=== Task statement ===
Your answer must be the exact lines from the one holding "rewrite comp_assoc, Hg. apply comp_id_l." through the final line of the records below, both included, and nothing more.

---------- Records provided

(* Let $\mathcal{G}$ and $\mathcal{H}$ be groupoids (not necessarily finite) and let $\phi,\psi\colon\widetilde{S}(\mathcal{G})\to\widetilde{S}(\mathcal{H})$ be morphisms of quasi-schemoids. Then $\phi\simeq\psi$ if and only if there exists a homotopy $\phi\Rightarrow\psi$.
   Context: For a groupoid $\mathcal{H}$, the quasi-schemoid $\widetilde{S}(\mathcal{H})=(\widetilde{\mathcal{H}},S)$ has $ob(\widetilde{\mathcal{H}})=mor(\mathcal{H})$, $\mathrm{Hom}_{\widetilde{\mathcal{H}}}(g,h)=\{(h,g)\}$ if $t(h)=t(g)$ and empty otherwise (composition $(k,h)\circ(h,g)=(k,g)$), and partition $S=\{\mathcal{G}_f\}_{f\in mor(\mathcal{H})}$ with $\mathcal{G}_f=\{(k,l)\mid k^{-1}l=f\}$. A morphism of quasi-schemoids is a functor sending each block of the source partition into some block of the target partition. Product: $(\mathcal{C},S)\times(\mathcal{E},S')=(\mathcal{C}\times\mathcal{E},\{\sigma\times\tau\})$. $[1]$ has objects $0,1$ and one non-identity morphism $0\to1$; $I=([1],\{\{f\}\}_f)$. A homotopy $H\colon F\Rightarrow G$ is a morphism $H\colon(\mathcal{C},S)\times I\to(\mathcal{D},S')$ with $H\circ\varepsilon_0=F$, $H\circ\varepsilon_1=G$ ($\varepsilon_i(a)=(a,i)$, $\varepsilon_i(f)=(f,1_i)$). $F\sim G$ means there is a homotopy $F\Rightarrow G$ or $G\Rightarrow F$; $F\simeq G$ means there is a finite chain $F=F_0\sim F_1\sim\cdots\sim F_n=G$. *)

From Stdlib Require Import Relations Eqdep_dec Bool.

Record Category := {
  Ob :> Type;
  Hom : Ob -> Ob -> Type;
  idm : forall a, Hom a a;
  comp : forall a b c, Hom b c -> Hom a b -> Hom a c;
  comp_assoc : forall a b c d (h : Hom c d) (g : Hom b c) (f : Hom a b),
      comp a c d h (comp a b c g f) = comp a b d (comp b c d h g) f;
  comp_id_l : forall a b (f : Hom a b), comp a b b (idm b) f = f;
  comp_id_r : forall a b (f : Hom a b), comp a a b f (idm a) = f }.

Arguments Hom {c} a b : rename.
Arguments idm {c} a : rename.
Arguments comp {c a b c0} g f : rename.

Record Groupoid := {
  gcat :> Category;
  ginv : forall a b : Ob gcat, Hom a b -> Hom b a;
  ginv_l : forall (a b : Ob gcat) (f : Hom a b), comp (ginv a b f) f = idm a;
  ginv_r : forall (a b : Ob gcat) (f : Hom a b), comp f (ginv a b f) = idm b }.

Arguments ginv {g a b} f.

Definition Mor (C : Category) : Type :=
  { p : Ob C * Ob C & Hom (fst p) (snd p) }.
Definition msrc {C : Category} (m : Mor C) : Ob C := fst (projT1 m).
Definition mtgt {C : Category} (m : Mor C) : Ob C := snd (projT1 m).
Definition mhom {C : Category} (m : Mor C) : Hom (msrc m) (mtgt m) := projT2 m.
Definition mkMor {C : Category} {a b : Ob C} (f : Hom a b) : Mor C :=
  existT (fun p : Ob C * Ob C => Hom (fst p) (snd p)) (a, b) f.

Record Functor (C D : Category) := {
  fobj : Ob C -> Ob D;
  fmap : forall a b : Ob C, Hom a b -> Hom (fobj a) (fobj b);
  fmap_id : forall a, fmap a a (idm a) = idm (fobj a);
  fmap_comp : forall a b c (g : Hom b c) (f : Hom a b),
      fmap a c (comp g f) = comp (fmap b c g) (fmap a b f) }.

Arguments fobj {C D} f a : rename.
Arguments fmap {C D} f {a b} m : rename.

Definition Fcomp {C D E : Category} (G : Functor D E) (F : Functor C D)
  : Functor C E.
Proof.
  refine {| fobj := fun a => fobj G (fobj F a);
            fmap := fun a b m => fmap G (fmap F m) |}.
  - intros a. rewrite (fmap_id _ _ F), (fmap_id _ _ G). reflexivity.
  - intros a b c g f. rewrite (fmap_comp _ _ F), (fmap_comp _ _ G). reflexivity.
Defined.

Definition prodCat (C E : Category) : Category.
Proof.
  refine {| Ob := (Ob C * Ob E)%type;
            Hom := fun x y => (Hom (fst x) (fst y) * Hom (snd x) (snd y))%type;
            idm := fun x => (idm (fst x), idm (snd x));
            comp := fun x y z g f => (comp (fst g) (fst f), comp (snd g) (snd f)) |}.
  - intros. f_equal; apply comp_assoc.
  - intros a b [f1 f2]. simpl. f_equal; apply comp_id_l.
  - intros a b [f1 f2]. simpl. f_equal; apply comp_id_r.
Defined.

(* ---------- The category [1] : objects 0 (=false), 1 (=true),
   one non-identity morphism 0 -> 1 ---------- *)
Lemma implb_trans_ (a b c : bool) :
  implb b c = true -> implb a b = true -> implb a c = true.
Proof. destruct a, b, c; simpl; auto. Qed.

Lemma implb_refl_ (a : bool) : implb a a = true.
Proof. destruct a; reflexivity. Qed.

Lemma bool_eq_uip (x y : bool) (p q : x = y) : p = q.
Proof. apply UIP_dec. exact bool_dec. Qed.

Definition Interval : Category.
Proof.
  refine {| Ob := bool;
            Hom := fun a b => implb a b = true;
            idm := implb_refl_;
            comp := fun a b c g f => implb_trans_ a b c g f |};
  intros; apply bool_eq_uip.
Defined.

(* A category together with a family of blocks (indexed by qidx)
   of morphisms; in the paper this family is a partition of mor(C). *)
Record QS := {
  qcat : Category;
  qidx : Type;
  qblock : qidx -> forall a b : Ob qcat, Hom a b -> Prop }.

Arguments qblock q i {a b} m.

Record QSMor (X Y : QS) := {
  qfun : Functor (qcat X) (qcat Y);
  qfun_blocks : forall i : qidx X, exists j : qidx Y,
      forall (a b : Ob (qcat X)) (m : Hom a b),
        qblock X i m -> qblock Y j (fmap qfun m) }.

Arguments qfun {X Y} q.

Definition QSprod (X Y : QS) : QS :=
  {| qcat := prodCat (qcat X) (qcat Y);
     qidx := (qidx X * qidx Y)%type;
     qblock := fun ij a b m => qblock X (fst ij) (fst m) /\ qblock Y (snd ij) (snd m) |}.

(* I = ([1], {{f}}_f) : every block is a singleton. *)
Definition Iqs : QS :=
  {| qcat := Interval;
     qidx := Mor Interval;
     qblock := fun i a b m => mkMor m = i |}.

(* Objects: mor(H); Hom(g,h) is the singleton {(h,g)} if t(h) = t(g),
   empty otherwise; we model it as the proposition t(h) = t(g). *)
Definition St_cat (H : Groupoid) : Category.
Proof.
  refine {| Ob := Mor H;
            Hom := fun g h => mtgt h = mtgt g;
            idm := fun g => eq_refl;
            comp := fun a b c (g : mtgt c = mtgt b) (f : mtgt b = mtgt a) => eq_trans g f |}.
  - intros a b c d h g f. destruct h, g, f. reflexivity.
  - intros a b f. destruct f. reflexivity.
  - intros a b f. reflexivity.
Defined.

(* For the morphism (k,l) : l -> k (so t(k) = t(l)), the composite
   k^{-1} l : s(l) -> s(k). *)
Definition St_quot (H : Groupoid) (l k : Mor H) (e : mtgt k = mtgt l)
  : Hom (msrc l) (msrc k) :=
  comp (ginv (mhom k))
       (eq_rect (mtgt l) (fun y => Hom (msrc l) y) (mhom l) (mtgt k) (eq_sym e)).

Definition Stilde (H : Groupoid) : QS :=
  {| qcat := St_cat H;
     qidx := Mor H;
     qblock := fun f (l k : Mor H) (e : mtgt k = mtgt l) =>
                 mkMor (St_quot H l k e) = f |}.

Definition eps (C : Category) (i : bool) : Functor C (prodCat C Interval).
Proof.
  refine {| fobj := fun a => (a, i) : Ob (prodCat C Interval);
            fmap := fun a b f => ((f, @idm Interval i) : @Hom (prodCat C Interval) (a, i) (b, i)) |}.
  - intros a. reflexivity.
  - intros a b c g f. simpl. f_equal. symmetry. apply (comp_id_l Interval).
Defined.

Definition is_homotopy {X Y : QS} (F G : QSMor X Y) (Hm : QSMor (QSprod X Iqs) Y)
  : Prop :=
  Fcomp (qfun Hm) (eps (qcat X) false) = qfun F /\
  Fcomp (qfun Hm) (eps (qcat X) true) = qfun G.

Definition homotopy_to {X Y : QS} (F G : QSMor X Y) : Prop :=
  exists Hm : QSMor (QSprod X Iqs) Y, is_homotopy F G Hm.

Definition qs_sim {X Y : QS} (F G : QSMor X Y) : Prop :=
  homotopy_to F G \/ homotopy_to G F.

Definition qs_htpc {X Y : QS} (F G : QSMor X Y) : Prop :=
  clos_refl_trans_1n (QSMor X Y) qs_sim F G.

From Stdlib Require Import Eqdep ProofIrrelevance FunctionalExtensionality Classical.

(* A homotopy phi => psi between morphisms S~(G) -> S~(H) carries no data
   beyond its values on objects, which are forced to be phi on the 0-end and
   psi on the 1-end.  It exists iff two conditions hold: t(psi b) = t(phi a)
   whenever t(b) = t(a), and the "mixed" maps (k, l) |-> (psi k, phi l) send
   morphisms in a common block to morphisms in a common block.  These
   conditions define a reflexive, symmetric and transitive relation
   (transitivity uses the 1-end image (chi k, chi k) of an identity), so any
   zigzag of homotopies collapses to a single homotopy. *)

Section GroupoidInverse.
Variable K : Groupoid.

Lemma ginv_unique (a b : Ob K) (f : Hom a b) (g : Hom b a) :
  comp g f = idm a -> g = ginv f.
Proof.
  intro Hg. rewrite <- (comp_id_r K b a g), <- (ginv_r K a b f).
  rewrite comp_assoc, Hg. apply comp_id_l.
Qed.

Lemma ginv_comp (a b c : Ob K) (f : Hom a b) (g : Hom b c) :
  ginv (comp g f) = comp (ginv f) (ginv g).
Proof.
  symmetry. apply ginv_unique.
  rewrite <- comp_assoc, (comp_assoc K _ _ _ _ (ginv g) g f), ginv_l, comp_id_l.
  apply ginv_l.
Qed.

--------------------

=== Answer to this problem ===
  rewrite comp_assoc, Hg. apply comp_id_l.
Qed.

Lemma ginv_comp (a b c : Ob K) (f : Hom a b) (g : Hom b c) :
  ginv (comp g f) = comp (ginv f) (ginv g).
Proof.
  symmetry. apply ginv_unique.
  rewrite <- comp_assoc, (comp_assoc K _ _ _ _ (ginv g) g f), ginv_l, comp_id_l.
  apply ginv_l.
Qed.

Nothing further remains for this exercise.